== Segment start ==
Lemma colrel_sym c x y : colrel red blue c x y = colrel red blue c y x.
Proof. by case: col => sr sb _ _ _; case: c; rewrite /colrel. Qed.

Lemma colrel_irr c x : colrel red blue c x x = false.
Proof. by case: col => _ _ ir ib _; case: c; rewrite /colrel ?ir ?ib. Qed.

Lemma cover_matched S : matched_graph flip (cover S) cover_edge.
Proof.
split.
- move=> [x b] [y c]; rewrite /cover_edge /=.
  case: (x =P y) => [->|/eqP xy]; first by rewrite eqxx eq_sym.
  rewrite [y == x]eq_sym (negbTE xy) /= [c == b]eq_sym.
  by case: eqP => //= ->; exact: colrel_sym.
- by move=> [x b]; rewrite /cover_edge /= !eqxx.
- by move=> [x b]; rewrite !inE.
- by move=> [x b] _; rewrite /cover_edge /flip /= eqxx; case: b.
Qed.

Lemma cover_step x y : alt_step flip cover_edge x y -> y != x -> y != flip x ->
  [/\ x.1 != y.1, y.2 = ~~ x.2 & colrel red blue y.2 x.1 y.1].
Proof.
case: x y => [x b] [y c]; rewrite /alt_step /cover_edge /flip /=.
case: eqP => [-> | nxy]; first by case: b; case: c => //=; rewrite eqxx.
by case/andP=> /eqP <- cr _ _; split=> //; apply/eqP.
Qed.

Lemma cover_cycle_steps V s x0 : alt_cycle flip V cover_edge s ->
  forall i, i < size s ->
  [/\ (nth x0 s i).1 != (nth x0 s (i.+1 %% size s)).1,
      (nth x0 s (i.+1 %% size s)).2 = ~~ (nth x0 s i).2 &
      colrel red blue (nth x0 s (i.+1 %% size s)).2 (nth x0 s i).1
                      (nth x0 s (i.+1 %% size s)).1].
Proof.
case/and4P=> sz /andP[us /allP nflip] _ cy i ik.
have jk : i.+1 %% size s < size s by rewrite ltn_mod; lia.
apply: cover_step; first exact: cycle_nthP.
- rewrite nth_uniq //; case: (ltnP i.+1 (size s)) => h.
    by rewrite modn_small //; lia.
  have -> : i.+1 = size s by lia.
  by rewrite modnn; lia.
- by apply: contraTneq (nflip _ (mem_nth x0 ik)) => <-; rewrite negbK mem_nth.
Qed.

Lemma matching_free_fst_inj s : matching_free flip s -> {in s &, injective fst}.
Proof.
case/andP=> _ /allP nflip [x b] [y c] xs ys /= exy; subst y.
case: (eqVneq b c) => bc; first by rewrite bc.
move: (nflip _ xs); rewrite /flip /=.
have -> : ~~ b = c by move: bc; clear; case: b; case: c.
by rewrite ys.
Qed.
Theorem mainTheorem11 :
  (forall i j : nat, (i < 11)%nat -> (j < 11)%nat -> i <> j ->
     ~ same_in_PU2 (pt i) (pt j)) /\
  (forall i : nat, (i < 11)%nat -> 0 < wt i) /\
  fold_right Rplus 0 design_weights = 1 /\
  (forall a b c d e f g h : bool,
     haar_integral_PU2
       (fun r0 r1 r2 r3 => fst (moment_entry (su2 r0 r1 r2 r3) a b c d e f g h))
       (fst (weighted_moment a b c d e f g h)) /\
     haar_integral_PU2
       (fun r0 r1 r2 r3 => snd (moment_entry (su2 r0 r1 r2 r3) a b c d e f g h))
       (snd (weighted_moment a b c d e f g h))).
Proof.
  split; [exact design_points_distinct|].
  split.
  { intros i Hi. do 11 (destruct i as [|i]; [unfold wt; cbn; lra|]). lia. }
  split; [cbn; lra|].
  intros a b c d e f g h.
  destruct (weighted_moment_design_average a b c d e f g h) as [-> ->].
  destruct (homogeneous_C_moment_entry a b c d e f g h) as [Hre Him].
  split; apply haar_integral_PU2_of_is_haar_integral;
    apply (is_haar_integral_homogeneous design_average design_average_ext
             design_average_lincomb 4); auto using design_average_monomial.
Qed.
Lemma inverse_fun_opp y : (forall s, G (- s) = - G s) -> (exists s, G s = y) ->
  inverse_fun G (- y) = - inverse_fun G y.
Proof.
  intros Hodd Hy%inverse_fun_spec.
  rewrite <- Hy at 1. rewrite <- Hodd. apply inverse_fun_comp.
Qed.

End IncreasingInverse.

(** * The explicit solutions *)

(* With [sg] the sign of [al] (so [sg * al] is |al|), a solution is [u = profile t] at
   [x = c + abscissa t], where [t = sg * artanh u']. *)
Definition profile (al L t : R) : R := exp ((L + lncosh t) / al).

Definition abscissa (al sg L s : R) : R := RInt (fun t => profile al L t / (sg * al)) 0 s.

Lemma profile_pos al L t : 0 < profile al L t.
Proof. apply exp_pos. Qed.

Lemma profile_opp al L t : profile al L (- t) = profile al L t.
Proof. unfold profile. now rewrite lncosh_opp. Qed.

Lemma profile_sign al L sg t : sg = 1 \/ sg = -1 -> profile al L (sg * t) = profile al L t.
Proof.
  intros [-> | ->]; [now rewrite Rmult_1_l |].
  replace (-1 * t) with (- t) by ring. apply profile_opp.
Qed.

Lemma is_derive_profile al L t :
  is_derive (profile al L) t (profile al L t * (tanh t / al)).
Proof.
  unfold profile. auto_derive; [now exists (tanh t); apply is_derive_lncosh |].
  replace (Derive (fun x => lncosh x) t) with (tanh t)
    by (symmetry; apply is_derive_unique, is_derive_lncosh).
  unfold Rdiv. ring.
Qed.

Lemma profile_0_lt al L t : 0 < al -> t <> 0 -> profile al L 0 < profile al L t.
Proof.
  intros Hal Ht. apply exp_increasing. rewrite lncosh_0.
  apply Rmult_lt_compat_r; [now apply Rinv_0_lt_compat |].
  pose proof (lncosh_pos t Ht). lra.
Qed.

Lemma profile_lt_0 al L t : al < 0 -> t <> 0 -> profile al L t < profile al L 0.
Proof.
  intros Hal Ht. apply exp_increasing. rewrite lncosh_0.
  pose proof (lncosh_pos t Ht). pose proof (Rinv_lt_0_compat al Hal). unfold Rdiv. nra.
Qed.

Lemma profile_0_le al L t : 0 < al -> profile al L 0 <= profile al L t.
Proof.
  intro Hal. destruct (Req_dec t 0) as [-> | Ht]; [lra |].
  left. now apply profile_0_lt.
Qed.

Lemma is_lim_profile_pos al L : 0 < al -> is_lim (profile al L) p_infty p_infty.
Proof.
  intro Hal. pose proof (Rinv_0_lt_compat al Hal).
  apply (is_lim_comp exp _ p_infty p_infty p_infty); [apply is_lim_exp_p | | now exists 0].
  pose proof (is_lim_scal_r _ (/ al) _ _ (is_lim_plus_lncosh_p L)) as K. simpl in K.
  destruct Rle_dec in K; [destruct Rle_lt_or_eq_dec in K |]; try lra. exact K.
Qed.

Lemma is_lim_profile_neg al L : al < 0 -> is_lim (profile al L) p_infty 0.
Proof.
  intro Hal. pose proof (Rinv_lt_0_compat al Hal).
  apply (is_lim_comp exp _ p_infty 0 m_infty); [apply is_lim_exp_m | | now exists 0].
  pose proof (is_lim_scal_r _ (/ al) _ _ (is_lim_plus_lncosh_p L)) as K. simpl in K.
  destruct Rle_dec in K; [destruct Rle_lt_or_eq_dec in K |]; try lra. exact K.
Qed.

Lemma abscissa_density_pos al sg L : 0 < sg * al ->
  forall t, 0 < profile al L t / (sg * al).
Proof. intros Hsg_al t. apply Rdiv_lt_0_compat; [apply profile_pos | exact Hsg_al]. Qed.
== Segment end ==
Check each line above for the word "destruct" and give the number of lines that have it, nothing else.

_Response below:_ 6